■ Try it:
When you reach the line in the data below that contains "all_order all_algebra zify.", please start repeating lines exactly, and stop after the line that contains "by rewrite big_ord_recr", repeating nothing else.

■ Information supplied:

☆ ☆ ☆ ☆ ☆

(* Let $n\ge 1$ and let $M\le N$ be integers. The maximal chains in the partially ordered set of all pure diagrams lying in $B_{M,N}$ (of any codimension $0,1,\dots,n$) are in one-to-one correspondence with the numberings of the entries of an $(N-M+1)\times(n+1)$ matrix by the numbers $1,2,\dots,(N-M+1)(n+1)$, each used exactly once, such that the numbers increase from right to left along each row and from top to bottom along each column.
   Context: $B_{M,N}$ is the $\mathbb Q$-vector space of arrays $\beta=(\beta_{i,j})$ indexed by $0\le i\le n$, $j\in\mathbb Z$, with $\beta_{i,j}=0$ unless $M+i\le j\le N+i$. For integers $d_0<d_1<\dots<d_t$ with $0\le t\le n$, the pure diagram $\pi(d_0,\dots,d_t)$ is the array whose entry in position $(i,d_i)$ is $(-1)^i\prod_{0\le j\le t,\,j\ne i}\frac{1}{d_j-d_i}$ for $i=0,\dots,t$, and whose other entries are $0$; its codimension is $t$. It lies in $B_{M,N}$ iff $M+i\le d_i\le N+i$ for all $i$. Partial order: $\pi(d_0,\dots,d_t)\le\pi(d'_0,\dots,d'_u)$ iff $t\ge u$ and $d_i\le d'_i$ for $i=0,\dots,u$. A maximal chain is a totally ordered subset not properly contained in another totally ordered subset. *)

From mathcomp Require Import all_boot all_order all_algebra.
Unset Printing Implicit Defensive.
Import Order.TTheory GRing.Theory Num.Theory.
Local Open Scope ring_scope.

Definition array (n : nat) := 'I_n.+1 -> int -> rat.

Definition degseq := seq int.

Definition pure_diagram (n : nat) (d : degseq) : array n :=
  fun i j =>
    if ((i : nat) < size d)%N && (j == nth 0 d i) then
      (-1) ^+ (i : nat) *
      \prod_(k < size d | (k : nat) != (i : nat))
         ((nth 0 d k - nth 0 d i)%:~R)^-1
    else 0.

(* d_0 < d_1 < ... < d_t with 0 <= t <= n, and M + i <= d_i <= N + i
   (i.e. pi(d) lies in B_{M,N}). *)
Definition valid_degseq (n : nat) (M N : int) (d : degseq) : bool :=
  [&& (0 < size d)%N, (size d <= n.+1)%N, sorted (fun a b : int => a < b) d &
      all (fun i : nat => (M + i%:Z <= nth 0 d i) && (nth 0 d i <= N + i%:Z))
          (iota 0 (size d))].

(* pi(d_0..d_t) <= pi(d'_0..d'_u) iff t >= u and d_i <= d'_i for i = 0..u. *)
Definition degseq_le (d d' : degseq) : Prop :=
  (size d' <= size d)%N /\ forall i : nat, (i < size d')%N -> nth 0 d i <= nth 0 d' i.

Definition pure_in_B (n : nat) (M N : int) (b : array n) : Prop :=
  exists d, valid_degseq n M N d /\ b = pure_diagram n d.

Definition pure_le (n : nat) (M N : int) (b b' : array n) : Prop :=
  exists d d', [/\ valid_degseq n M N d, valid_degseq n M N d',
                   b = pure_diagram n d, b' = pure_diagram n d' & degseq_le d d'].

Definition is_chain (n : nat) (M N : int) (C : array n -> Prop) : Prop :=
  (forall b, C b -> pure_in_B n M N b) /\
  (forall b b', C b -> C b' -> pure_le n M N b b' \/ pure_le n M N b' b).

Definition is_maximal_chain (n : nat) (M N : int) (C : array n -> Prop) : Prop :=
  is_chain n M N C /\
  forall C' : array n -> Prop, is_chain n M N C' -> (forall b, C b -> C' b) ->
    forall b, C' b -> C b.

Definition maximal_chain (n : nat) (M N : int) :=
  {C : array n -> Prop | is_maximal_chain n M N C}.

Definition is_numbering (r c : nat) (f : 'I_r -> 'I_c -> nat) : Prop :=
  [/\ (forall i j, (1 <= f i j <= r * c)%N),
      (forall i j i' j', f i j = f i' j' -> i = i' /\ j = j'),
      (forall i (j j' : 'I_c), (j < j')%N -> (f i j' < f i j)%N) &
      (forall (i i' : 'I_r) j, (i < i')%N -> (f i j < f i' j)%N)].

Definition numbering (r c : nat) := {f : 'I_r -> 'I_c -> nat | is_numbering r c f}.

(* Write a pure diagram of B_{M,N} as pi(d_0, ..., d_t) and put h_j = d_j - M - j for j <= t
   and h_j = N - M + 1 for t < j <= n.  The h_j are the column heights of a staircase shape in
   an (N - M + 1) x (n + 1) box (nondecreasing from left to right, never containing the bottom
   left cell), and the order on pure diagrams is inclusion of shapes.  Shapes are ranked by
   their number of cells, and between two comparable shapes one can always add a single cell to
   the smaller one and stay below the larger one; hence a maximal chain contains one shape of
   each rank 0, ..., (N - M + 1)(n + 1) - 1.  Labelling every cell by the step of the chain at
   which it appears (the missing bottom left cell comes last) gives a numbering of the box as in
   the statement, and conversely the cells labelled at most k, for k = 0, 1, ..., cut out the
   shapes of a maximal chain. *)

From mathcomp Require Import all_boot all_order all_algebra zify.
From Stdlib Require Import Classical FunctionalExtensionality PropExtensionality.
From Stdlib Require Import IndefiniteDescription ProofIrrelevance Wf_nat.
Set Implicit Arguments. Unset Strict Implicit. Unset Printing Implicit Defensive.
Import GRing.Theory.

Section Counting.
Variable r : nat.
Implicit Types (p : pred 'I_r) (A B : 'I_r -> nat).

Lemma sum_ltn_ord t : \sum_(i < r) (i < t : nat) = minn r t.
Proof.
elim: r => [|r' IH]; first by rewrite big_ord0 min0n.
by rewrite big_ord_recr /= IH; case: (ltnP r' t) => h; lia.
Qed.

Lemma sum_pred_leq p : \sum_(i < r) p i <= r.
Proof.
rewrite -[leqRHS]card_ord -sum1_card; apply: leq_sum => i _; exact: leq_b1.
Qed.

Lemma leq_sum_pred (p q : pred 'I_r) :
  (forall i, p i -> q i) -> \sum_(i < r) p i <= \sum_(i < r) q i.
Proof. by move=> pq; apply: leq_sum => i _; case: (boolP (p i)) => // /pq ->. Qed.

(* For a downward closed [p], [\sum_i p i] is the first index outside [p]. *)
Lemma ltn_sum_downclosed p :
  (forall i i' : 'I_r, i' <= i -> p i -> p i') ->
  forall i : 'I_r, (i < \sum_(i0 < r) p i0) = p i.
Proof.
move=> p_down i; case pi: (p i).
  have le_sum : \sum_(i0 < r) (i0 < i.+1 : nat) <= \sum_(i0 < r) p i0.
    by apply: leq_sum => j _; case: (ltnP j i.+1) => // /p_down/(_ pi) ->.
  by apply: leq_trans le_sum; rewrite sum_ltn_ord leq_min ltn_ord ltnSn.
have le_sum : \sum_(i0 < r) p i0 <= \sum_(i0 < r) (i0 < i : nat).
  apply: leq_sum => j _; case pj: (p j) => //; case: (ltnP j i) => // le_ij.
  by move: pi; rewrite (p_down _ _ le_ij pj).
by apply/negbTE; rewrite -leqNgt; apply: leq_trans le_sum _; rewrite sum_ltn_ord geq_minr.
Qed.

☆ ☆ ☆ ☆ ☆

■ Answer for this exercise:
From mathcomp Require Import all_boot all_order all_algebra zify.
From Stdlib Require Import Classical FunctionalExtensionality PropExtensionality.
From Stdlib Require Import IndefiniteDescription ProofIrrelevance Wf_nat.
Set Implicit Arguments. Unset Strict Implicit. Unset Printing Implicit Defensive.
Import GRing.Theory.

Section Counting.
Variable r : nat.
Implicit Types (p : pred 'I_r) (A B : 'I_r -> nat).

Lemma sum_ltn_ord t : \sum_(i < r) (i < t : nat) = minn r t.
Proof.
elim: r => [|r' IH]; first by rewrite big_ord0 min0n.
by rewrite big_ord_recr /= IH; case: (ltnP r' t) => h; lia.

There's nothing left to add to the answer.